Bug #20628
closedceph-osd deadlock in ?simple messenger?
0%
Description
Hi,
We have a jewel 10.2.8 osd that just deadlocked. The osd was marked failed due to no PG stats after 60s:
2017-07-14 12:27:24.869733 mon.0 128.142.35.220:6789/0 161437 : cluster [INF] osd.331 marked down after no pg stats for 61.085540seconds
(Note that we use mon osd report timeout = 60 because we've seen this deadlock before and the deadlocked osd's peers do not mark him as failed in this scenario. IOW, osd's deadlocking in this way generate slow requests until the pg stats time out.)
The OSD and cluster logs are attached and I've ceph-post-file'd the coredump with tag 57a63b32-b3c8-4c40-a2f2-7f205ff475ad.
This is 10.2.8 on centos 7, installed from downloads.ceph.com.
# rpm -q ceph-osd ceph-osd-10.2.8-0.el7.x86_64 # ceph --version ceph version 10.2.8 (f5b1f1fd7c0be0506ba73502a675de9d048b744e)
Cheers, Dan
Files
Updated by Dan van der Ster almost 7 years ago
Forgot to mention: there are no IO errors on this drive. And the daemon does not respond to socket commands: 'ceph daemon osd.331 help' hangs.

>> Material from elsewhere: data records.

Lemma fps_mul1 : left_id fps_one (@fps_mul R).
Proof.
move=> a; apply: funext => n.
have ha i : (i <= n)%N -> (fps_poly n a)`_i = a i by exact: coef_fps_poly.
have h1 i : (i <= n)%N -> (1 : {poly R})`_i = fps_one i by rewrite coef1.
by rewrite (fps_mul_coefM h1 ha) mul1r coef_fps_poly.
Qed.

Lemma fps_mulDl : left_distributive (@fps_mul R) fps_add.
Proof.
move=> a b c; apply: funext => n; rewrite /fps_mul /fps_add -big_split /=.
by apply: eq_bigr => i _; rewrite mulrDl.
Qed.

HB.instance Definition _ :=
  GRing.Zmodule_isComPzRing.Build (fps R) fps_mulA fps_mulC fps_mul1 fps_mulDl.

Lemma fps_one_neq0 : (1 : fps R) != 0.
Proof.
apply/eqP => /(congr1 (fun f : fps R => f 0%N)) /eqP.
by rewrite /= /fps_one /= oner_eq0.
Qed.

HB.instance Definition _ := GRing.PzSemiRing_isNonZero.Build (fps R) fps_one_neq0.

End FpsRing.

Section FpsTheory.
Variable R : comNzRingType.
Implicit Types A B : fps R.

Lemma fpsME A B n : (A * B) n = \sum_(i < n.+1) A i * B (n - i)%N.
Proof. by []. Qed.
Lemma fpsDE A B n : (A + B) n = A n + B n.
Proof. by []. Qed.
Lemma fpsNE A n : (- A) n = - A n.
Proof. by []. Qed.
Lemma fpsBE A B n : (A - B) n = A n - B n.
Proof. by []. Qed.
Lemma fps0E n : (0 : fps R) n = 0.
Proof. by []. Qed.
Lemma fps1E n : (1 : fps R) n = (n == 0%N)%:R.
Proof. by []. Qed.

Lemma fpsM0E A B : (A * B) 0%N = A 0%N * B 0%N.
Proof. by rewrite fpsME big_ord_recl big_ord0 addr0. Qed.

Definition fpsX : fps R := fun n => (n == 1%N)%:R.
Definition fpsC (c : R) : fps R := fun n => if n == 0%N then c else 0.

Lemma mul_fpsX A : fpsX * A = fun n => if n is n'.+1 then A n' else 0.
Proof.
apply: funext => -[|n]; rewrite fpsME.
  by rewrite big_ord_recl big_ord0 /fpsX /= mul0r addr0.
rewrite big_ord_recl /fpsX /= mul0r add0r big_ord_recl /= mul1r subSS subn0.
by rewrite big1 ?addr0 // => i _; rewrite /fpsX /bump /= mul0r.
Qed.

Lemma fps_shiftE k A : fps_shift k A = fpsX ^+ k * A.
Proof.
elim: k A => [|k IH] A.
  by rewrite expr0 mul1r; apply: funext => n; rewrite /fps_shift leq0n subn0.
by rewrite exprS -mulrA -IH mul_fpsX; apply: funext => -[|n].
Qed.

Lemma coef_fpsXnM k A n :
  (fpsX ^+ k * A) n = if (k <= n)%N then A (n - k)%N else 0.
Proof. by rewrite -fps_shiftE. Qed.

Lemma fpsXnM_inj k A B : fpsX ^+ k * A = fpsX ^+ k * B -> A = B.
Proof.
move=> h; apply: funext => n.
have := congr1 (fun f : fps R => f (n + k)%N) h => /=.
by rewrite !coef_fpsXnM leq_addl addnK.
Qed.

Lemma mul_fpsC c A : fpsC c * A = fun n => c * A n.
Proof.
apply: funext => n; rewrite fpsME big_ord_recl /= subn0.
by rewrite big1 ?addr0 // => i _; rewrite /fpsC /= mul0r.
Qed.

Lemma fpsC1 : fpsC 1 = 1.
Proof. by apply: funext => -[|n]. Qed.
Lemma fpsCB a b : fpsC (a - b) = fpsC a - fpsC b.
Proof. by apply: funext => -[|n]; rewrite fpsBE /fpsC /= ?subr0. Qed.
Lemma fpsCM a b : fpsC (a * b) = fpsC a * fpsC b.
Proof. by rewrite mul_fpsC; apply: funext => -[|n]; rewrite /fpsC /= ?mulr0. Qed.

HB.instance Definition _ := GRing.isZmodMorphism.Build R (fps R) fpsC fpsCB.
HB.instance Definition _ :=
  GRing.isMonoidMorphism.Build R (fps R) fpsC (fpsC1, fpsCM).

Lemma fps_natC k : (k%:R : fps R) = fpsC k%:R.
Proof. by rewrite rmorph_nat. Qed.

Lemma fps_nat0E k : (k%:R : fps R) 0%N = k%:R.
Proof. by rewrite fps_natC. Qed.

Lemma coef_fpsXnC e c n : (fpsX ^+ e * fpsC c) n = if n == e then c else 0.
Proof.
rewrite coef_fpsXnM /fpsC; case: (leqP e n) => h.
  by rewrite subn_eq0 eqn_leq h andbT.
by rewrite ltn_eqF.
Qed.

Definition euler A : fps R := fun n => n%:R * A n.

Lemma eulerD A B : euler (A + B) = euler A + euler B.
Proof. by apply: funext => n; rewrite /euler !fpsDE mulrDr. Qed.
Lemma eulerN A : euler (- A) = - euler A.
Proof. by apply: funext => n; rewrite /euler !fpsNE mulrN. Qed.
Lemma eulerM A B : euler (A * B) = euler A * B + A * euler B.
Proof.
apply: funext => n; rewrite /euler fpsDE !fpsME mulr_sumr -big_split /=.
apply: eq_bigr => i _; have Hi : (i <= n)%N by rewrite -ltnS ltn_ord.
rewrite -{1}(subnKC Hi) natrD; ring.
Qed.
Lemma euler0 : euler 0 = 0.
Proof. by apply: funext => n; rewrite /euler fps0E mulr0. Qed.
Lemma euler_fpsC c : euler (fpsC c) = 0.
Proof. by apply: funext => -[|n]; rewrite /euler /fpsC /= ?mul0r ?mulr0. Qed.
Lemma euler_nat n : euler n%:R = 0.
Proof. by rewrite fps_natC euler_fpsC. Qed.
Lemma euler_fpsX : euler fpsX = fpsX.
Proof. by apply: funext => -[|[|n]]; rewrite /euler /fpsX /= ?mul0r ?mul1r ?mulr0. Qed.
Lemma euler_fpsXn k : euler (fpsX ^+ k) = k%:R * fpsX ^+ k.
Proof.
elim: k => [|k IH]; first by rewrite expr0 -fpsC1 euler_fpsC mul0r.
by rewrite exprS eulerM IH euler_fpsX -addn1 natrD; ring.
Qed.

Updated by Greg Farnum almost 7 years ago
Okay, so to read that core file we'll need to know your distro, please? :)
I did extract it though and am a bit confused about the time stamps I'm seeing. That says it was generated at 12:08, but the "user" file ceph-post-file sets up was created at 12:05. The mon log snippet you put above marked the osd down at 12:27:24, and I can't find any evidence of a crash in the OSD log, although it does terminate at circa 13:23 after showing some timed out osd_op_tp messages — and a bunch of Pipe reconnects and faults at 12:26:25 and 12:27:25, respectively. Can you walk me through the timeline a bit?